Saved entries:
+-------+
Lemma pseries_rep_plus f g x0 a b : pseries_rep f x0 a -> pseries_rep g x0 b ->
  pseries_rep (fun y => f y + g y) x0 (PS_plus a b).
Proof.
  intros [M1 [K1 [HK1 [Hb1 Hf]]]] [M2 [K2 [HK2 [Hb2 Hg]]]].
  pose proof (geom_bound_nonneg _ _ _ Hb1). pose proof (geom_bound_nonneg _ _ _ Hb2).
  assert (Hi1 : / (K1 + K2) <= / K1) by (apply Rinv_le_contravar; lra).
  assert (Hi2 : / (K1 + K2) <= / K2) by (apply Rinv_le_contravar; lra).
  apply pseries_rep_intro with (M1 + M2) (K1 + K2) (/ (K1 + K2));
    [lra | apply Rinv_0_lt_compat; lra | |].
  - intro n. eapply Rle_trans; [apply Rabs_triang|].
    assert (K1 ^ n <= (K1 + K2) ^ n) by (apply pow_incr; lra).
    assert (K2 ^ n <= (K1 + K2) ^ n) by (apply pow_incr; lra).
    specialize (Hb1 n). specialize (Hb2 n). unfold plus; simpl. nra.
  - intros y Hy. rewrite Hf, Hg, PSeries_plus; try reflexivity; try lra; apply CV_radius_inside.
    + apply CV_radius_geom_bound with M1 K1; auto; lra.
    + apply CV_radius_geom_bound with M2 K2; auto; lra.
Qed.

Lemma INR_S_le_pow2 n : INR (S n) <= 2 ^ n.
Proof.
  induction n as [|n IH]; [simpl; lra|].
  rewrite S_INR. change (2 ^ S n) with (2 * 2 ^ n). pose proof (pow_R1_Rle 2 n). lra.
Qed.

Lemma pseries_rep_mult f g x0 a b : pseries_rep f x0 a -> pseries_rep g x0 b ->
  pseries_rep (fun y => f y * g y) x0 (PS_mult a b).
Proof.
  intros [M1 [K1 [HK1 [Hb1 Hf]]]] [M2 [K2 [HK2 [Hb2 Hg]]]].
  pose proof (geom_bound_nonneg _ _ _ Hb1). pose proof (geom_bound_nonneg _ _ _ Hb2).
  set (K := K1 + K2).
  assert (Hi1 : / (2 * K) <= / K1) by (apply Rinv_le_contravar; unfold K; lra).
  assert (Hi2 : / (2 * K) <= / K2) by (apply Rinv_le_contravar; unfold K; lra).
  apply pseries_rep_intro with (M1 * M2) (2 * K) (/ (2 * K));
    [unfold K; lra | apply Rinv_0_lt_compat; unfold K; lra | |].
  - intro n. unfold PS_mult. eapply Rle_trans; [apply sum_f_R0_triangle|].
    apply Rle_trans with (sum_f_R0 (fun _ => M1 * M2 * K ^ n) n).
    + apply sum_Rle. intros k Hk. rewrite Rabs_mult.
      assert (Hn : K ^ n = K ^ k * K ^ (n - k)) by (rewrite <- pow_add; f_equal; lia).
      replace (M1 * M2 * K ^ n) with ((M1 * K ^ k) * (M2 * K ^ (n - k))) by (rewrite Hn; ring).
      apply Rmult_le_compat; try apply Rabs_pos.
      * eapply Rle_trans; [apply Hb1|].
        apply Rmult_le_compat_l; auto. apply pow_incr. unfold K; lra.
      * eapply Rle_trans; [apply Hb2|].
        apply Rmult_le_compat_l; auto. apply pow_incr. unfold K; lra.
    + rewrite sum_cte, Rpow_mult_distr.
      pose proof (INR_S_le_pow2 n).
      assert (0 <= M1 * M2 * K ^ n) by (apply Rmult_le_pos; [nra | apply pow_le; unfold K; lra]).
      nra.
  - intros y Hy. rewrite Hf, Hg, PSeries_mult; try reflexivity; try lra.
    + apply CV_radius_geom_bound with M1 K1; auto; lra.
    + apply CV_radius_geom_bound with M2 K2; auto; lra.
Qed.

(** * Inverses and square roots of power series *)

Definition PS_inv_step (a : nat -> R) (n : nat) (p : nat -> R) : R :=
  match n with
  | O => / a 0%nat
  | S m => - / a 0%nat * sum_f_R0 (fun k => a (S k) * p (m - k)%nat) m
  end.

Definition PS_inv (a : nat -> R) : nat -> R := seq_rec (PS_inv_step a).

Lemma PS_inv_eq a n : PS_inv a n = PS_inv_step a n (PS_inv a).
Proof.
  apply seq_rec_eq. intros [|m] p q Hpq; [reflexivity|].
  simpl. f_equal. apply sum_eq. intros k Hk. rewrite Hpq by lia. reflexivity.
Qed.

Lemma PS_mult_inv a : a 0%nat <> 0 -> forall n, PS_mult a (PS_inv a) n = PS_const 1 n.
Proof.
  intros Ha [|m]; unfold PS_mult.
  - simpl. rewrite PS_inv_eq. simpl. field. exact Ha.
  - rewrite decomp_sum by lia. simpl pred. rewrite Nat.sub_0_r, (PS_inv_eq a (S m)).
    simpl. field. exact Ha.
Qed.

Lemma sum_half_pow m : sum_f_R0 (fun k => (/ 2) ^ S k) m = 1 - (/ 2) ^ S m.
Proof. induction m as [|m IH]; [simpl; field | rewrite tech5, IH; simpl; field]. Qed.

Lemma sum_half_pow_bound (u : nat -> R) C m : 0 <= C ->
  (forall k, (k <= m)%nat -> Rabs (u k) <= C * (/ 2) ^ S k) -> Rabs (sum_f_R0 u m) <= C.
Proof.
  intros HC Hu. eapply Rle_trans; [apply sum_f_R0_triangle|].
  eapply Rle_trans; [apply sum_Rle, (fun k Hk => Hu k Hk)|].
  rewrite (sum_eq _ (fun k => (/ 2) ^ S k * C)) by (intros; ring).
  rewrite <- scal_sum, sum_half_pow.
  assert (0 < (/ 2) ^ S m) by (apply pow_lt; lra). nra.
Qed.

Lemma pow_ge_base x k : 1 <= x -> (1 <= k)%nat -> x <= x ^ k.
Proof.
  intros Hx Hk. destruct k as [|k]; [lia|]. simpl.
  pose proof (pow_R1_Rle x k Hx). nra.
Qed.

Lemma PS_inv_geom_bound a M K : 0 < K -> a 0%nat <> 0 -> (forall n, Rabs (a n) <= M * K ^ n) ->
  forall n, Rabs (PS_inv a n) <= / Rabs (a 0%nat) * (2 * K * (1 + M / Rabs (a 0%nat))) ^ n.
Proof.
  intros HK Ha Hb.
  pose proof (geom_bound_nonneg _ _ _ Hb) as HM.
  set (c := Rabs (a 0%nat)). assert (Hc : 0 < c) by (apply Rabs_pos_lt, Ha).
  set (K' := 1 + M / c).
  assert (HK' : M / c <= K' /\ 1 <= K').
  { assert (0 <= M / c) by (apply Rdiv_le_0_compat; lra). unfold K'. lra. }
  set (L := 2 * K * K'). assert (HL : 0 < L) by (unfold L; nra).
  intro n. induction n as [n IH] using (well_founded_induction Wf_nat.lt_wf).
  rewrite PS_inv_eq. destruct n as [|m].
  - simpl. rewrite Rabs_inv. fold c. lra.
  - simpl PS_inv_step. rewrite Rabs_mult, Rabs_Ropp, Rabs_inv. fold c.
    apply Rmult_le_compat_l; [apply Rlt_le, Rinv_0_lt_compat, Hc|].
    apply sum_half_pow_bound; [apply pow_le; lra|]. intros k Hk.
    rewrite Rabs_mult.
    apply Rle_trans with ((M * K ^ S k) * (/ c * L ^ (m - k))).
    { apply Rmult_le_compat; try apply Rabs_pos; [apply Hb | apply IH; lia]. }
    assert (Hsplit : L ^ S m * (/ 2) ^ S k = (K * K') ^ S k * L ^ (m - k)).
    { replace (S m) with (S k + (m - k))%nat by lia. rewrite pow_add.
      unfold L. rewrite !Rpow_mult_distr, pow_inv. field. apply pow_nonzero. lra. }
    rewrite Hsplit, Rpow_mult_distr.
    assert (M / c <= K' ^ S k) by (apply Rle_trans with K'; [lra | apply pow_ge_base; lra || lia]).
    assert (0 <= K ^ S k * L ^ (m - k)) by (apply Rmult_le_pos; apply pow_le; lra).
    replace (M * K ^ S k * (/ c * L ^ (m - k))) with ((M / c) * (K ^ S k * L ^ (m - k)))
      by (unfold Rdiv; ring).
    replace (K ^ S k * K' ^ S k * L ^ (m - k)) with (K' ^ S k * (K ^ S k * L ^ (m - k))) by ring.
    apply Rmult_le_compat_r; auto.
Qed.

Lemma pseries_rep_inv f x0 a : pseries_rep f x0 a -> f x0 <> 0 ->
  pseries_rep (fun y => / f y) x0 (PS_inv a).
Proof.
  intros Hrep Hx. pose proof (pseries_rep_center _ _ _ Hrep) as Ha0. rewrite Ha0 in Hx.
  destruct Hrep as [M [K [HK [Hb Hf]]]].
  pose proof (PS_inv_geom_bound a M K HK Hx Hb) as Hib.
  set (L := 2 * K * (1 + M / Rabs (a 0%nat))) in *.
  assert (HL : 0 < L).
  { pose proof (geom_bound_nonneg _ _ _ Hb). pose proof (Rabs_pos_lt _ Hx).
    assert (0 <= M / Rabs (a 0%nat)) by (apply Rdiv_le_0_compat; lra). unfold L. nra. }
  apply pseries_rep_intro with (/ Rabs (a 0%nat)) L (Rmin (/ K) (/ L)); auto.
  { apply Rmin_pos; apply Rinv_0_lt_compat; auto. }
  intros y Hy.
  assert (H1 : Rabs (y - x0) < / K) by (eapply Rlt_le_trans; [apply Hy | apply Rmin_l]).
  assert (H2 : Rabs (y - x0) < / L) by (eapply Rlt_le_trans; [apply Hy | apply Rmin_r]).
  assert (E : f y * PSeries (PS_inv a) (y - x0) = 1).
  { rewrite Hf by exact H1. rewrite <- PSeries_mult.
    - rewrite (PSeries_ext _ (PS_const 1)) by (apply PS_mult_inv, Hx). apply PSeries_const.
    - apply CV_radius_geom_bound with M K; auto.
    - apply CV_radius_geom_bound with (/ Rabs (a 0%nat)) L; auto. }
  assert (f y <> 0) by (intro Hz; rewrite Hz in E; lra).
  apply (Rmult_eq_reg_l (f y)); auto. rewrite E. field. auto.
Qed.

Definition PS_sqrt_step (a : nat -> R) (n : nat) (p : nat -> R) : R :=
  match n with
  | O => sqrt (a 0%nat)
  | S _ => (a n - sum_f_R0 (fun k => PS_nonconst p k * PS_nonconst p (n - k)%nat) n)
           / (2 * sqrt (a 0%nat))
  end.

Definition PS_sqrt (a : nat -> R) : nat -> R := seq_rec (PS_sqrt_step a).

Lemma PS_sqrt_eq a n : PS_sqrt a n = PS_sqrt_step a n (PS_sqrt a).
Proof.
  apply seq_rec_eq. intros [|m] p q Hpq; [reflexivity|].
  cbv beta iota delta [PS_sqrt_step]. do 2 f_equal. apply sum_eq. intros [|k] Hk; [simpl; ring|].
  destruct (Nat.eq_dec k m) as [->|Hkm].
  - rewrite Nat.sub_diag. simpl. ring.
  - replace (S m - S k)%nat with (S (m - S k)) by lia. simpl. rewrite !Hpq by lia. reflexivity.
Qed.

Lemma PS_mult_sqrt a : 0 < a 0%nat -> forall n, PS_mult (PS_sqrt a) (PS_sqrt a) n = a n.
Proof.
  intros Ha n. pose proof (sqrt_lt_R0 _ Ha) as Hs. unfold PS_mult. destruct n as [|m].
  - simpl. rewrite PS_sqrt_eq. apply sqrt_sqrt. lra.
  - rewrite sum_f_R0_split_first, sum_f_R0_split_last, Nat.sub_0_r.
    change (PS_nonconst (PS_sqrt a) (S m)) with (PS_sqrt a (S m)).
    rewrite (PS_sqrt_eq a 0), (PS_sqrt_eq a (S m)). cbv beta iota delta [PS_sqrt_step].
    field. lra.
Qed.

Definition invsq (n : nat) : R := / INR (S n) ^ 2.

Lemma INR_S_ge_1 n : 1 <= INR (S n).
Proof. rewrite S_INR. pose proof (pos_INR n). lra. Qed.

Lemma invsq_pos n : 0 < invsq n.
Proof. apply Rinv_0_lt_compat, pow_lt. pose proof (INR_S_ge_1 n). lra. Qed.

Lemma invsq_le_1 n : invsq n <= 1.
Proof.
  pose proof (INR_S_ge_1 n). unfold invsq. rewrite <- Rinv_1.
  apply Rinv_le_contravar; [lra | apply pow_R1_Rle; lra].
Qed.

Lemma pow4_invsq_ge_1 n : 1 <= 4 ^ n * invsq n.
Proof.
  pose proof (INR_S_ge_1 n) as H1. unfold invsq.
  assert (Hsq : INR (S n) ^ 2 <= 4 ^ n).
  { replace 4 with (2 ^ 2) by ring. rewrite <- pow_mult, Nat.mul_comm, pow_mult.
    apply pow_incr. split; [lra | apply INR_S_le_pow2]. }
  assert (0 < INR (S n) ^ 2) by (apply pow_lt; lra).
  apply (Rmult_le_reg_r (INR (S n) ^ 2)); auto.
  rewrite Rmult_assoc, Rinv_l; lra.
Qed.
+-------+
* [Brief]:
Please give the number of lines above that contain the string "exact", and nothing more.

* [Response to this exercise]:
3